Another problematic aspect of the N.Atlantic simulation is the co-variability of temperature and salinity.  Decadal scale temperature and salinity variations in the subpolar Atlantic tend to be positively correlated in observations.  In particular, the cold period in the 70’s was marked by a fresh subpolar Atlantic.  This is what one expects when the AMOC  is weak, with less transport of more saline waters from the subtropics and more export of fresh waters from the Arctic.  The model does not show this correlation, and in the 70’s  it has relatively high salinity (presumably due to the stronger AMOC mentioned in the previous paragraph).  Our understanding of AMOC variability is admittedly limited, but the temperature-salinity correlations point towards there being a substantial internal component to the observations.  These Atlantic temperature variations affect the evolution of Northern hemisphere and even global means (e.g., Zhang et al 2007).  So there is danger in overfitting the latter with the forced signal only.

Our lab has a model, CM3 (Donner et al, 2011), that also has strong indirect aerosol effects and that produces simulations of the past century that share many of the features of HAD-GEM2-ES discussed here, including the nice fit to the N. Atlantic SSTs.  So this issue is naturally a hot topic of conversation in our lab. The issue has been around for a while.  For example,  Rotstayn and Lohmann 2002 made a case that strong aerosol forcing could explain the Sahel drought of the 70’s by cooling the N. Atlantic. The same qualitative behavior is seen in many models, but we are left with the quantitative question of how big the aerosol effect is.

Differences of opinion make life interesting and always force us to sharpen our arguments. And there remain strong differences of opinion on the relative importance of AMOC variability and aerosol forcing for the non-monotonic variation of North Atlantic surface temperatures and all the phenomena that we think are affected by it (including hurricanes and African rainfall).  But I remain skeptical that one can make a compelling case for aerosol dominance by focusing only on SSTs, without simultaneously considering salinities and sub-surface temperatures that are better able to distinguish between forced and free variations.

(conversations with Rong Zhang, Mike Winton, and Yi Ming have helped me think about this issue)

[The views expressed on this blog are in no sense official positions of the Geophysical Fluid Dynamics Laboratory, the National Oceanic and Atmospheric Administration, or the Department of Commerce.]

16 thoughts on “35. Atlantic multi-decadal variability and aerosols”

    1. The overturning circulation in the Atlantic is an intuitively plausible candidate for being involved in any climate variations showing anti-correlation between the poles.

    2. Patrick-

      A key distinction here is that the ‘abrupt climate changes’ which punctuated the last (and likely even prior) deglaciations were not internally forced, but involved an external trigger (freshwater pulses) to change AMOC.

  1. Hi Isaac,

    Just attempting to pick apart the different components contributing towards the modelled effects, are the strong aerosol impacts in HadGEM2-ES and the AMOC/salinity dynamics necessarly dependent?

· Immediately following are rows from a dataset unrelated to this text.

Lemma sum_layers_le (d y : R) (N : nat) : 0 < d -> 0 <= y ->
  \sum_(0 <= k < N) d * ((k.+1%:R * d <= y)%R)%:R <= y.
Proof.
move=> d0 y0; elim: N => [|N IH]; first by rewrite big_nil.
rewrite big_nat_recr //=; have [le_y|_] := boolP (N.+1%:R * d <= y); last first.
  by rewrite mulr0 addr0.
apply: le_trans le_y; rewrite mulr1 -natr1 mulrDl mul1r lerD2r.
apply: (@le_trans _ _ (\sum_(0 <= k < N) d)).
  apply: ler_sum => k _; apply: ler_piMr; first exact: ltW.
  by case: (k.+1%:R * d <= y)%R; rewrite ?ler01 ?lexx.
by rewrite sumr_const_nat subn0 mulr_natl.
Qed.

Definition superlevel {T : Type} (D : set T) (f : T -> R) (y : R) : set T :=
  D `&` [set x | y <= f x].

Lemma measurable_superlevel (dT : measure_display) (T : measurableType dT)
    (D : set T) (f : T -> R) (y : R) :
  measurable D -> measurable_fun D f -> measurable (superlevel D f y).
Proof.
move=> mD mf; have -> : superlevel D f y = D `&` f @^-1` `[y, +oo[.
  by apply/seteqP; split => x /= [Dx fx]; split => //; move: fx; rewrite in_itv /= andbT.
exact: mf.
Qed.

Lemma sum_superlevel_le_integral (dT : measure_display) (T : measurableType dT)
    (mu : {measure set T -> \bar R}) (D : set T) (f : T -> R) (d : R) :
  measurable D -> measurable_fun D f -> (forall x, D x -> 0 <= f x) -> 0 < d ->
  (\sum_(0 <= k <oo) d%:E * mu (superlevel D f (k.+1%:R * d))
     <= \int[mu]_(x in D) (f x)%:E)%E.
Proof.
move=> mD mf f0 d0.
have mS k : measurable (superlevel D f (k.+1%:R * d)) by exact: measurable_superlevel.
apply: lime_le.
  by apply: is_cvg_nneseries => k _ _; apply: mule_ge0; rewrite // lee_fin ltW.
apply: nearW => N; pose g k x := (d * \1_(superlevel D f (k.+1%:R * d)) x)%:E.
have mg k : measurable_fun D (g k).
  by apply/measurable_EFinP; apply: measurable_funM => //; exact: measurable_indic.
have g0 k x : D x -> (0 <= g k x)%E.
  by move=> _; rewrite lee_fin mulr_ge0 // ?ltW // indicE.
have -> : (\sum_(0 <= k < N) d%:E * mu (superlevel D f (k.+1%:R * d)) =
           \sum_(0 <= k < N) \int[mu]_(x in D) g k x)%E.
  apply: eq_bigr => k _; rewrite /g.
  under eq_integral do rewrite EFinM.
  rewrite ge0_integralZl_EFin ?ltW //; last first.
    by apply/measurable_EFinP; exact: measurable_indic.
  by rewrite integral_indic // setIidl //; exact: subIsetl.
rewrite -ge0_integral_sum //; apply: ge0_le_integral => //.
- by move=> x Dx; apply: sume_ge0 => k _; exact: g0.
- exact: emeasurable_sum.
- exact/measurable_EFinP.
move=> x Dx; rewrite /g sumEFin lee_fin.
have indic_superlevel k : \1_(superlevel D f (k.+1%:R * d)) x = ((k.+1%:R * d <= f x)%R)%:R :> R.
  rewrite indicE; have [fx|fx] := boolP (k.+1%:R * d <= f x); first by rewrite mem_set.
  by rewrite memNset // => -[_ /=]; apply/negP.
under eq_bigr do rewrite indic_superlevel.
exact: sum_layers_le d0 (f0 x Dx).
Qed.

End Superlevel.

Section Cover.
Context {R : realType}.
Local Open Scope classical_set_scope.
Local Notation mu := (@lebesgue_measure R).

Lemma measure_itv_cover (V : set R) (a s t : R) : measurable V -> a <= s < t ->
  `]s, t] `<=` V -> (mu (V `&` `[a, s]) + (t - s)%:E <= mu (V `&` `[a, t]))%E.
Proof.
move=> mV /andP[as_ st] stV.
have mVa x : measurable (V `&` `[a, x]) by exact: measurableI mV (measurable_itv _).
have disj : V `&` `[a, s] `&` `]s, t] = set0.
  apply/seteqP; split => x // [[_]]; rewrite /= !in_itv /= => /andP[_ xs] /andP[sx _].
  by move: (lt_le_trans sx xs); rewrite ltxx.
have -> : (t - s)%:E = mu `]s, t] by rewrite lebesgue_measure_itv /= lte_fin st -EFinB.
rewrite -(measureU mu (mVa s) (measurable_itv _) disj).
apply: le_measure; rewrite ?inE; [exact: measurableU (mVa s) (measurable_itv _) | exact: mVa |].
move=> x [[Vx]|]; rewrite /= !in_itv /=.
  by move=> /andP[ax xs]; split => //; rewrite ax (le_trans xs) // ltW.
move=> /andP[sx xt]; split; first by apply: stV; rewrite /= in_itv /= sx xt.
by rewrite xt andbT (le_trans as_) // ltW.
Qed.

Variables (a b d e : R) (f : R -> R) (U : nat -> set R).
Hypotheses (d0 : 0 < d) (e0 : 0 < e) (f0 : forall x, `[a, b] x -> 0 <= f x)
  (intf : mu.-integrable `[a, b] (fun x => (f x)%:E)).
Hypotheses (openU : forall k, open (U k))
  (superlevel_subU : forall k, superlevel `[a, b] f (k.+1%:R * d) `<=` U k)
  (mu_U_superlevel : forall k,
    (mu (U k `\` superlevel `[a, b] f (k.+1%:R * d)) < ((e / d) / (2 ^ k.+1)%:R)%:E)%E).

Let measurable_U k : measurable (U k). Proof. exact: open_measurable. Qed.

Let cover t := (\sum_(0 <= k <oo) d%:E * mu (U k `&` `[a, t]))%E.

Let cover_term_ge0 t k : (0 <= d%:E * mu (U k `&` `[a, t]))%E.
Proof. by apply: mule_ge0; rewrite // lee_fin ltW. Qed.

Let cover_ge0 t : (0 <= cover t)%E.
Proof. by apply: nneseries_ge0 => k _ _; exact: cover_term_ge0. Qed.

Let le_cover u s : u <= s -> (cover u <= cover s)%E.
Proof.
move=> us; apply: lee_nneseries => [k _ _|k _]; first exact: cover_term_ge0.
apply: lee_wpmul2l; first by rewrite lee_fin ltW.
apply: le_measure; rewrite ?inE; try exact: measurableI (measurable_U k) (measurable_itv _).
apply: setIS => x; rewrite /= !in_itv /= => /andP[-> xu].
exact: le_trans xu us.
Qed.

Let cover_b_le : (cover b <= \int[mu]_(x in `[a, b]) (f x)%:E + e%:E)%E.
Proof.
pose S k := superlevel `[a, b] f (k.+1%:R * d).
have mab : measurable `[a, b] by exact: measurable_itv.
have mf : measurable_fun `[a, b] f by apply/measurable_EFinP; exact: measurable_int intf.
have mS k : measurable (S k) by exact: measurable_superlevel.
have d0E : (0 <= d%:E)%E by rewrite lee_fin ltW.
have term_le k :
    (d%:E * mu (U k `&` `[a, b]) <= d%:E * mu (S k) + (e / (2 ^ k.+1)%:R)%:E)%E.
  apply: (@le_trans _ _ (d%:E * mu (U k))%E).
    apply: lee_wpmul2l => //; apply: le_measure; rewrite ?inE.
    - exact: measurableI (measurable_U k) mab.
    - exact: measurable_U.
    - exact: subIsetl.
  rewrite (measureDI mu (measurable_U k) (mS k)) (setIidr (@superlevel_subU k)).
  rewrite ge0_muleDr // addeC leeD2l //.
  apply: le_trans (lee_wpmul2l d0E (ltW (mu_U_superlevel k))) _.
  rewrite -EFinM lee_fin; suff -> : d * (e / d / (2 ^ k.+1)%:R) = e / (2 ^ k.+1)%:R by [].
  by field; rewrite !gt_eqF // ltr0n expn_gt0.
apply: (le_trans (lee_nneseries _ (fun k _ => term_le k))) => [k _ _|].
  exact: cover_term_ge0.
have eps := @epsilon_trick R (fun k => d%:E * mu (S k))%E e xpredT
  (fun k => mule_ge0 d0E (measure_ge0 _ _)) (ltW e0).
apply: (le_trans eps); apply: leeD => //.
exact: sum_superlevel_le_integral.
Qed.

Let cover_fin t : t <= b -> cover t \is a fin_num.
Proof.
move=> tb; rewrite ge0_fin_numE //; apply: (le_lt_trans (le_cover tb)).
apply: (le_lt_trans cover_b_le); rewrite lte_add_pinfty ?ltry //.
by apply: integrable_lty => //; exact: measurable_itv.
Qed.

Let cover_step s t m : a <= s < t -> (forall k, (k < m)%N -> `]s, t] `<=` U k) ->
  (cover s + (m%:R * (d * (t - s)))%:E <= cover t)%E.
Proof.
move=> ast stU; pose jump k := if (k < m)%N then (d * (t - s))%:E else 0%E.
have st : s <= t by case/andP: ast => _ /ltW.
have jump_ge0 k : (0 <= jump k)%E.
  by rewrite /jump; case: ifP => // _; rewrite lee_fin mulr_ge0 // ?subr_ge0 // ltW.
have jumps : ((m%:R * (d * (t - s)))%:E <= \sum_(0 <= k <oo) jump k)%E.
  apply: le_trans (nneseries_lim_ge m (fun k _ _ => jump_ge0 k)).
  rewrite big_mkord /jump; under eq_bigr => k _ do rewrite ltn_ord.
  by rewrite sumEFin sumr_const card_ord mulr_natl.
apply: le_trans (leeD2l _ jumps) _; rewrite /cover -nneseriesD //.
apply: lee_nneseries => [k _ _|k _]; first by rewrite adde_ge0.
rewrite /jump; case: ifPn => [km|_]; last first.
  rewrite adde0; apply: lee_wpmul2l; first by rewrite lee_fin ltW.
  apply: le_measure; rewrite ?inE; try exact: measurableI (measurable_U k) (measurable_itv _).
  by apply: setIS => x; rewrite /= !in_itv /= => /andP[-> /le_trans]; apply.
rewrite EFinM -ge0_muleDr ?lee_fin ?subr_ge0 //; apply: lee_wpmul2l; first by rewrite lee_fin ltW.
exact: measure_itv_cover (measurable_U k) ast (stU k km).
Qed.

Lemma cover_upper_function : exists G : R -> R,
  [/\ forall u s, u <= s -> s <= b -> G u <= G s,
      G b - G a <= Rintegral mu `[a, b] f + d * (b - a) + e &
      forall s, a <= s < b -> exists2 r, 0 < r &
        forall t, s < t < s + r -> t <= b -> (t - s) * f s <= G t - G s].
Proof.
exists (fun t => d * (t - a) + fine (cover t)); split.
- move=> u s us sb; apply: lerD; first by apply: ler_wpM2l; [exact: ltW | rewrite lerD2r].
  by apply: fine_le; [exact: cover_fin (le_trans us sb) | exact: cover_fin | exact: le_cover].
- have cover_a := fine_ge0 (cover_ge0 a).
  have int_fin : (\int[mu]_(x in `[a, b]) (f x)%:E)%E \is a fin_num.
    by apply: integrable_fin_num => //; exact: measurable_itv.
  have int_e_fin : (\int[mu]_(x in `[a, b]) (f x)%:E + e%:E)%E \is a fin_num.
    by rewrite fin_numD int_fin.
  have := fine_le (cover_fin (lexx b)) int_e_fin cover_b_le.
  rewrite fineD //= -/(Rintegral _ _ _); lra.
- move=> s /andP[as_ sb].
  have s_ab : `[a, b] s by rewrite /= in_itv /= as_ ltW.
  have fs0 : 0 <= f s / d := divr_ge0 (f0 s_ab) (ltW d0).
  pose m := Num.truncn (f s / d); have /andP[mlo mhi] := truncn_itv fs0.
  have fsm : f s < m.+1%:R * d by rewrite -ltr_pdivrMr.
  have sU k : (k < m)%N -> U k s.
    move=> km; apply: superlevel_subU; split => //=.
    apply: le_trans (_ : m%:R * d <= f s); last by rewrite -ler_pdivlMr.
    by apply: ler_wpM2r; [exact: ltW | rewrite ler_nat].
  have : \forall t \near s, forall k : 'I_m, U k t.
    apply: (@filter_forall _ _ (fun k : 'I_m => U k) (nbhs s)) => k.
    by apply: open_nbhs_nbhs; split; [exact: openU | exact: sU (ltn_ord k)].
  move/nbhs_ballP => [r r0 ballU]; exists r => // t /andP[st tsr] tb.
  have stU k : (k < m)%N -> `]s, t] `<=` U k.
    move=> km x; rewrite /= in_itv /= => /andP[sx xt].
    by apply: (ballU x _ (Ordinal km)); rewrite /ball /= ltr0_norm ?subr_lt0 //; lra.
  have cover_s : cover s \is a fin_num := cover_fin (ltW sb).
  have cover_s_fin : (cover s + (m%:R * (d * (t - s)))%:E)%E \is a fin_num.
    by rewrite fin_numD cover_s.
  have ast : a <= s < t by rewrite as_ st.
  have := fine_le cover_s_fin (cover_fin tb) (cover_step ast stU).
  rewrite fineD //=; rewrite -natr1 in fsm.
  have : (t - s) * f s <= (t - s) * ((m%:R + 1) * d) by rewrite ler_pM2l ?subr_gt0 // ltW.
  lra.
Qed.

    I guess what I’m asking is whether it would be at all problematic to have a model with the same aerosol effects but different AMOC dynamics reproduce the observed SST and ocean heat content variability?

    Regarding the modelled ocean heat content, I wonder if the strong biogeochemical negative feedback described in Andrews et al. 2012 may be playing a role here. From a brief perusal of some rsutcs maps it looks to me that a large part of this manifests in an increased Saharan dust plume affecting the lower North Atlantic. Surface temperatures in the North Atlantic increase due to GHGs and decreasing/non-increasing aerosol influence, while sub-surface temperatures are affected by Northward flow of cooled waters from the lower latitudes(?)

    1. I suspect that it will be difficult to fit surface temperature, salinity, and heat content constraints in the N. Atlantic with the forced response being dominant, as long as the response to cooling is a strengthening of the AMOC. But I have a tendency to oversimplify (ie, the idea that Atlantic variability on this time scale can be characterized by a single AMOC index is simplistic, subpolar and subtropical responses could be dominated by different dynamics,etc). So we may have to wait and see.

      Regarding Saharan dust, this is certainly a player in the subtropical N. Atlantic. and variations in dust are plausibly a significant part of the response to AMOC variability, whether forced or free. In a lot of models, low frequency free variations in the N Atlantic are very subpolar focused, with little subtropical signal (and this is sometimes used as evidence of the need for a forced component), so Saharan dust response could be a missing element in these models, helping to make the structure of internal variability more realistic. It could equally well affect the response to anthropogenic aerosol. But I don’t see how it would help in making a consistent picture between SST, salinity, and heat content if the anthropogenic component is dominant.

      1. On the Saharan dust I was really speculating that the strong aerosol influence over the Tropical North Atlantic in the HadGEM2-ES runs might not be predominantly anthropogenic. Having done some digging it does appear that the modelled dust load over this region (and other regions) is enhanced in response to cooling from large volcanic eruptions, which means a strong dust cooling influence from the 1960s which only really disperses around the late-90s.

        There is also a fairly large increase in modelled sulfate load over the Tropical North Atlantic from about 1960, which is presumably the main cause of modelled present day strong aerosol forcing off the West African coast, as depicted in Booth et al. figure 4b. I thought this might also be partly natural (influence of dust on DMS emissions, perhaps) because local SO2 emissions are comparatively small. However it seems to be the case that modelled aerosol deposition processes in the Tropical North Atlantic are much slower than, say, the Extratropical North Atlantic, by about a factor of 5, which means small SO2 emissions increases can make large cumulative changes to the sulfate load in this region.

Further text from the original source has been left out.